Suez a été distingué fin 2019 par l’ONU comme leader sur la prise en compte des Objectifs de développement durable dans sa stratégie. Une fierté, qui nous incite à poursuivre nos efforts, à rester pionnier de nouvelles démarches plus collectives, plus collaboratives et utiles aux territoires et aux populations…, sans jamais oublier que notre force de groupe international doit se concrétiser dans des projets et des actions locales.
Une valeur à court, moyen ou long terme ?
Un plan d’action RSE doit intégrer ces trois dimensions temporelles de façon équilibrée. Cet équilibre vous fera progresser ; il vous permettra de démontrer votre engagement par des actions visibles de court terme et de dégager de la performance dans la durée grâce à des actions plus profondes. Prenons l’exemple de l’insertion. Chez Suez, l’insertion a d’abord été positionnée comme un sujet RH et managérial afin de gérer la saisonnalité des besoins en main‑d’œuvre. Puis ce sont nos clients qui nous ont demandé de contribuer à leurs stratégies territoriales en accueillant au sein de nos activités des citoyens en insertion ou réinsertion dans la vie active.

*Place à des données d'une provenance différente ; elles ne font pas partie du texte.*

Lemma homeomorphic_embedding_image : homeomorphic (set_type K) (set_type (e @` K)).
Proof.
have [einj ce eopen] := emb.
exists push, pull; split; [|split; [|split]].
- apply: continuous_comp_initial.
  have -> : set_val \o push = e \o set_val by [].
  by move=> k; apply: continuous_comp; [exact: initial_continuous | exact: ce].
- apply: continuous_comp_initial; apply/continuousP => O oO.
  have [V oV eOV] := eopen O oO.
  suff -> : (set_val \o pull) @^-1` O = set_val @^-1` V.
    by apply/open_set_typeP; exists V.
  apply/seteqP; split=> z /= => [Oz|Vz].
    have : (e @` O) (set_val z) by exists (set_val (pull z)); last exact: pullK.
    by rewrite eOV => -[].
  have : (e @` O) (set_val z).
    by rewrite eOV; split=> //; exists (set_val (pull z)); last exact: pullK.
  by case=> x Ox; rewrite -pullK => /einj <-.
- by move=> k; apply: val_inj; apply: einj; rewrite pullK.
- by move=> z; apply: val_inj; exact: pullK.
Qed.

End embedding_image.

Lemma closed_hereditary_sub (P : topologicalType -> Prop) (T : topologicalType) (C K : set T) :
  topological_property P -> closed_hereditary P ->
  P (set_type C) -> closed K -> K `<=` C -> P (set_type K).
Proof.
move=> tpP chP PC cK KC; apply: tpP (homeomorphic_subspace_preimage KC) _.
apply: chP PC.
exact: (proj1 (continuous_closedP _) (@initial_continuous _ _ _) _ cK).
Qed.

Definition separable (T : topologicalType) (A B : set T) :=
  exists U V, [/\ open U, open V, A `<=` U, B `<=` V & U `&` V = set0].

Lemma separable_sym (T : topologicalType) (A B : set T) :
  separable A B -> separable B A.
Proof.
by case=> U [V [oU oV AU BV UV]]; exists V, U; split=> //; rewrite setIC.
Qed.

Definition completely_normal (T : topologicalType) := forall A B : set T,
  closure A `&` B = set0 -> A `&` closure B = set0 -> separable A B.

Lemma completely_normal_normal (T : topologicalType) :
  completely_normal T -> normal_space T.
Proof.
move=> cnT; apply/(@normal_openP R) => A B cA cB AB.
by apply: cnT; [rewrite -(closure_id A).1 | rewrite -(closure_id B).1].
Qed.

C’est alors que Suez a totalement intégré l’insertion dans sa stratégie partenariale et d’investissement. Depuis 2014, nous avons créé trois « Maisons pour rebondir », pour faire converger emploi et économie circulaire au cœur des territoires, en travaillant main dans la main avec le monde de l’insertion et les entrepreneurs sociaux. Nous disposons également, depuis 2002, d’une structure dédiée Suez Rebond, qui pour sa part a permis à près de 5 000 personnes de retrouver un emploi stable. Ces entités sont totalement intégrées à notre stratégie, à nos activités et à nos réponses aux appels d’offres.
Des partenariats vertueux
Nous pouvons citer le partenariat mis en place entre Suez et LyondellBasell qui a permis la création d’une joint-venture dédiée à la production de polymères recyclés : Suez fournit à l’usine les déchets plastiques postconsommation et LyondellBasell commercialise les matières premières produites dans une des usines européennes de Suez.
Nous pouvons également citer le partenariat entre Suez et La Poste pour la création d’une offre de collecte de recyclage des déchets de bureaux, en inscrivant la dimension sociale et l’insertion comme clef de voûte de l’activité.
Et pour aller plus loin…
Quinze ans de mise en place, c’est à la fois court et long. Court, car transformer l’approche et le quotidien de
90 000 collaborateurs demande du temps… et long car, avec du recul, on aurait probablement pu faire plus rapide. Je reste convaincu que les nouvelles générations qui entrent sur le marché du travail seront plus sensibilisées que nous avons pu l’être à ces enjeux. Cela se fera d’autant plus naturellement si les écoles intègrent les notions de RSE dans leurs cursus pédagogiques et se donnent les moyens de les rendre concrètes en invitant, par exemple, des entreprises à témoigner. Je me prête à cet exercice depuis plusieurs années sur différents thèmes, et je serai ravi de poursuivre.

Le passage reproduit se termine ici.